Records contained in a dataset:
--------

Lemma walk_code_inj w w' : sorted consec w -> sorted consec w' ->
  size w = size w' -> walk_code w = walk_code w' -> w = w'.
Proof.
elim: w w' => [|x w IH] [|x' w'] //= xw x'w' [size_ww'].
rewrite /walk_code /=.
have [xB | xB] := boolP (x \in B); have [x'B | x'B] := boolP (x' \in B) => //=.
  case=> filter_ww' xx'; subst x'; congr (_ :: _).
  move: w w' IH xw x'w' size_ww' filter_ww'
    => [|y r] [|y' r'] // IH xyr xyr' [size_rr'] filter_eq.
  have filter_rr' : filter [predC B] (y :: r) = filter [predC B] (y' :: r') := filter_eq.
  have yB_y'B : (y \in B) = (y' \in B).
    by rewrite (next_in_cycleE xyr xB) (next_in_cycleE xyr' xB) filter_rr' /= size_rr'.
  have [yB | yB] := boolP (y \in B).
    have yy' : y = y'.
      apply: cycle_tail_inj; rewrite -?yB_y'B //.
      by case/andP: xyr => /eqP <- _; case/andP: xyr' => /eqP <- _.
    subst y'; apply: IH; rewrite ?(path_sorted xyr) ?(path_sorted xyr') /= ?size_rr' //.
    by move: filter_eq; rewrite /walk_code /= yB /= => ->.
  rewrite -(filter_exit_cycle xyr xB yB) -(filter_exit_cycle xyr' xB) ?filter_rr' //.
  by rewrite -yB_y'B.
case=> <- filter_ww' find_ww' ohead_ww'; congr (_ :: _); apply: IH.
- exact: path_sorted xw.
- exact: path_sorted x'w'.
- exact: size_ww'.
- by rewrite /walk_code filter_ww' find_ww' ohead_ww'.
Qed.

Lemma uniq_filter_off_cycle w : sorted consec w -> uniq (filter [predC B] w).
Proof.
elim: w => [|a w IH] //= aw; rewrite fun_if /= IH ?(path_sorted aw) // andbT.
case: ifP => // aB; rewrite mem_filter /= aB /=.
by move: aB; apply: contra => aw'; apply/closing_arc_in_cycle/(walk_connect aw).
Qed.

Lemma find_in_cycle_le w : find [in B] w <= size (filter [predC B] w).
Proof. by elim: w => [|a w IH] //=; case: (a \in B). Qed.

Definition walk_codes :=
  [seq (p, o) | p <- [seq (l, i) | l <- seqs_upto #|darc G| (enum (darc G)),
                                   i <- iota 0 #|darc G|.+1],
                o <- enum {: option (darc G)}].

Lemma walk_code_mem w : sorted consec w -> walk_code w \in walk_codes.
Proof.
move=> sw; have size_filter_le : size (filter [predC B] w) <= #|darc G|.
  by rewrite cardT; apply: uniq_leq_size (uniq_filter_off_cycle sw) _ => a; rewrite mem_enum.
apply: allpairs_f; last by rewrite mem_enum.
apply: allpairs_f; last by rewrite mem_iota /= ltnS (leq_trans (find_in_cycle_le w)).
by apply: mem_seqs_upto => //; apply/allP => a _; rewrite /= mem_enum.
Qed.

Lemma card_iter_line_le k : #|dvert (iter_line k G)| <= maxn #|dvert G| (size walk_codes).
Proof.
case: k => [|k]; first exact: leq_maxl.
apply: leq_trans (leq_maxr _ _).
rewrite cardT -(size_map (walk_code \o walk_of k)); apply: uniq_leq_size.
  rewrite map_inj_uniq ?enum_uniq // => u v /walk_code_inj uv.
  by apply/walk_of_inj/uv; rewrite ?sorted_walk_of ?size_walk_of.
by move=> _ /mapP[v _ ->]; apply/walk_code_mem/sorted_walk_of.
Qed.

End Unicyclic.

Theorem proposition3p1 (G : digraph) :
  ~ strongly_connected G ->
  (exists (S : {set dvert G}) (B : {set darc G}), [/\ nontriv_scc_sub S B, is_dicycle S B &
     forall (S' : {set dvert G}) (B' : {set darc G}), nontriv_scc_sub S' B' -> S' = S /\ B' = B]) ->
  exists k0 p, 0 < p /\
    forall k, k0 <= k -> inner_diam (iter_line (k + p) G) = inner_diam (iter_line k G).
Proof.
move=> _ [S [B [S_B_scc S_B_cycle S_B_unique]]].
exact: iter_line_diam_periodic (card_iter_line_le S_B_scc S_B_cycle S_B_unique).
Qed.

--------

### YOUR INSTRUCTIONS
Your response should consist solely of the lines from the one containing "exists k0 p, 0 < p /\" to the end of the entries, both ends included, exactly as they appear.

### EXERCISE RESULT
  exists k0 p, 0 < p /\
    forall k, k0 <= k -> inner_diam (iter_line (k + p) G) = inner_diam (iter_line k G).
Proof.
move=> _ [S [B [S_B_scc S_B_cycle S_B_unique]]].
exact: iter_line_diam_periodic (card_iter_line_le S_B_scc S_B_cycle S_B_unique).
Qed.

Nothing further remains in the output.